FIELD OF THE INVENTION

The present invention relates to the techniques for workover of wells and, more particularly, to a system and method for workover of a well with a horizontal tree.

BACKGROUND OF THE INVENTION

While wells have been conventionally completed with trees wherein the production fluid passes vertically from the well through the tree, some more recent wells have been completed with a horizontal tree, wherein the production fluid passes laterally through a side port in the tree. Because the production fluid from the well passes laterally, plugs may be installed in the bores of both a tubing hanger and a tree cap above the side port in the horizontal tree to provide redundant seals.

Workover operations on a horizontal tree are conventionally performed from a floating drilling rig which connects a subsea drilling BOP to the top of the horizontal tree, with the drilling riser extending from the surface to the top of the BOP. When a big bore riser and BOP stack are placed on top of the horizontal tree, various types of workover operations may be performed, including pulling and reinstalling a tubing string. However, due to the high expense and time of installing the subsea drilling BOP and large diameter riser, especially in deeper water, it is desirable to avoid that procedure when it is possible to do so. It is frequently necessary to perform a workover operation which does not require pulling the tubing, thereby potentially avoiding the significant expense of installing/removing the subsea drilling BOP and large diameter riser.

U.S. Pat. No. 6,367,551 provides a method of workover in a well with a horizontal tree. The techniques disclosed in this patent have several shortcomings which have limited acceptance. First, the shuttle valve in the tree cap may be prone to sticking open when the riser is removed. Second, there is no technique to test the closure of the shuttle valve while the riser is in place because the riser connection must actually be removed before the valve closes, thereby raising a potential significant problem if the valve does stick and/or does not close completely, or develops leaks, after the riser connection is removed. Third, the flow path from the annulus line on the riser to the well annulus goes into the horizontal tree, through the aforementioned shuttle valve, and then bypasses the tubing hanger by going radially outwardly and then radially inwardly through the tree housing making for a complex annulus flow path that may be prone to problems. Further, the tree cap must seal to both the tubing hanger and the test tree. With this tree cap/tubing hanger arrangement, the entire tubing hanger may need to be removed if problems occur with the tree cap, or with seals between the tree cap and the tubing hanger, and/or the complicated annulus flow path through the tree cap.

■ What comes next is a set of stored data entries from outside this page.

Definition sech_term (t : R) (n : nat) : R := hodd n / (hodd n ^ 2 + t ^ 2).

Lemma cosh_cos_coef_split t n :
  cosh_cos_coef t n = (cosh (PI * t) - 1) * tg_alt (fun k => / hodd k) n
                      + - (cosh (PI * t) * t ^ 2) * sech_remainder t n.
Proof.
  unfold cosh_cos_coef, tg_alt, sech_remainder. pose proof (hodd_pos n).
  assert (0 < hodd n ^ 2 + t ^ 2) by nra. field. lra.
Qed.

Lemma sech_term_split t n :
  tg_alt (sech_term t) n = / cosh (PI * t) * (cosh_cos_coef t n + tg_alt (fun k => / hodd k) n).
Proof.
  unfold cosh_cos_coef, tg_alt, sech_term. pose proof (hodd_pos n).
  pose proof (cosh_ge_1 (PI * t)).
  assert (0 < hodd n ^ 2 + t ^ 2) by nra. field. lra.
Qed.

(* The series of the cosine coefficients [cosh_cos_coef t n] of [cosh (t y) - 1]
   converges, and its Fejér sums are the integrals [is_RInt_cosh_fejer], which are
   bounded; so its sum is 0, which is the expansion after [sech_term_split]. *)
Lemma sech_partial_fractions t :
  is_lim_seq (fun N => sum_f_R0 (tg_alt (sech_term t)) N) (PI * sigma0 t).
Proof.
  set (C := cosh (PI * t)).
  assert (HC : 1 <= C) by apply cosh_ge_1.
  set (L := (C - 1) * (PI / 2) + - (C * t ^ 2) * Series (sech_remainder t)).
  assert (HL : is_lim_seq (fun N => sum_f_R0 (cosh_cos_coef t) N) L).
  { apply is_lim_seq_ext with
      (u := fun N => (C - 1) * sum_f_R0 (tg_alt (fun n => / hodd n)) N
                     + - (C * t ^ 2) * sum_f_R0 (sech_remainder t) N).
    { intros N. rewrite !scal_sum, <- plus_sum.
      apply sum_eq. intros n _. rewrite cosh_cos_coef_split. fold C. ring. }
    apply is_lim_seq_plus'.
    - apply (is_lim_seq_scal_l _ _ (PI / 2)), is_lim_alt_inv_hodd.
    - apply (is_lim_seq_scal_l _ _ (Series (sech_remainder t))).
      eapply is_lim_seq_ext; [|apply (Series_correct _ (ex_series_sech_remainder t))].
      intros N. apply sum_n_Reals. }
  assert (HL0 : L = 0).
  { apply (lim_bounded_partial_sums _ _ (PI * (9 * t ^ 2 * exp (Rabs t * PI))) HL).
    intros N. pose proof PI_RGT_0.
    replace (PI * _) with ((PI - 0) * (9 * t ^ 2 * exp (Rabs t * PI))) by ring.
    refine (norm_RInt_le_const _ 0 PI _ _ ltac:(lra) _ (is_RInt_cosh_fejer t N)).
    intros y Hy. apply cosh_fejer_bound. lra. }
  apply is_lim_seq_ext with
    (u := fun N => / C * (sum_f_R0 (cosh_cos_coef t) N + sum_f_R0 (tg_alt (fun n => / hodd n)) N)).
  { intros N. rewrite <- plus_sum, scal_sum.
    apply sum_eq. intros n _. rewrite sech_term_split. fold C. ring. }
  replace (PI * sigma0 t) with (/ C * (L + PI / 2))
    by (rewrite HL0; unfold sigma0; fold C; field; lra).
  apply (is_lim_seq_scal_l _ _ (L + PI / 2)).
  apply is_lim_seq_plus'; [exact HL | apply is_lim_alt_inv_hodd].
Qed.

Definition sum_first (f : nat -> R) (N : nat) : R :=
  match N with O => 0 | S k => sum_f_R0 f k end.

Lemma sum_first_S f N : sum_first f (S N) = sum_first f N + f N.
Proof. destruct N; simpl; [ring | reflexivity]. Qed.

When it is not necessary to pull the tubing, then all that may be required for the workover operation is a small diameter riser, which may be referred to as a slimline OD riser, connected to the top of the tree, with a small diameter BOP on the surface, and to establish a communication path to both the tubing bore and the tubing annulus below the tubing hanger. The bore in the slimline riser needs to have a sufficient ID to pull and reinstall the plugs in the tree cap and tubing hanger, and to provide full bore access to the tubing in the well but does not require an ID large enough to pull the tubing hanger. Workover operations using a slimline OD riser are relatively economical, particularly in deep water applications, because the subsea BOP stack and large OD riser are not required. Using a slimline riser thus provides considerable economy to the workover operation, such that these operations are commonly known as “quickie” workovers.

Given the time and cost of installing a drilling BOP and large diameter riser, especially at substantial well depths, the inventor has determined that it would be highly desirable to provide a system which is much more likely to require only the less expensive workover. Those of skill in the art will appreciate the present invention which provides solutions to the aforementioned problems and other related problems.

SUMMARY OF THE INVENTION

It is an object of the present invention to provide an improved horizontal tree workover system for use when a subsea drilling BOP is not required to be utilized.

It is yet another object of the present invention to provide an improved well production system.

These and other objects, features, and advantages of the present invention will become apparent from the drawings, the descriptions given herein, and the appended claims. However, it will be understood that any listed objects and advantages of the invention are intended only as an aid in understanding certain aspects of the invention, are not intended to limit the invention in any way, and do not form a comprehensive or exclusive list of objects, features, and advantages.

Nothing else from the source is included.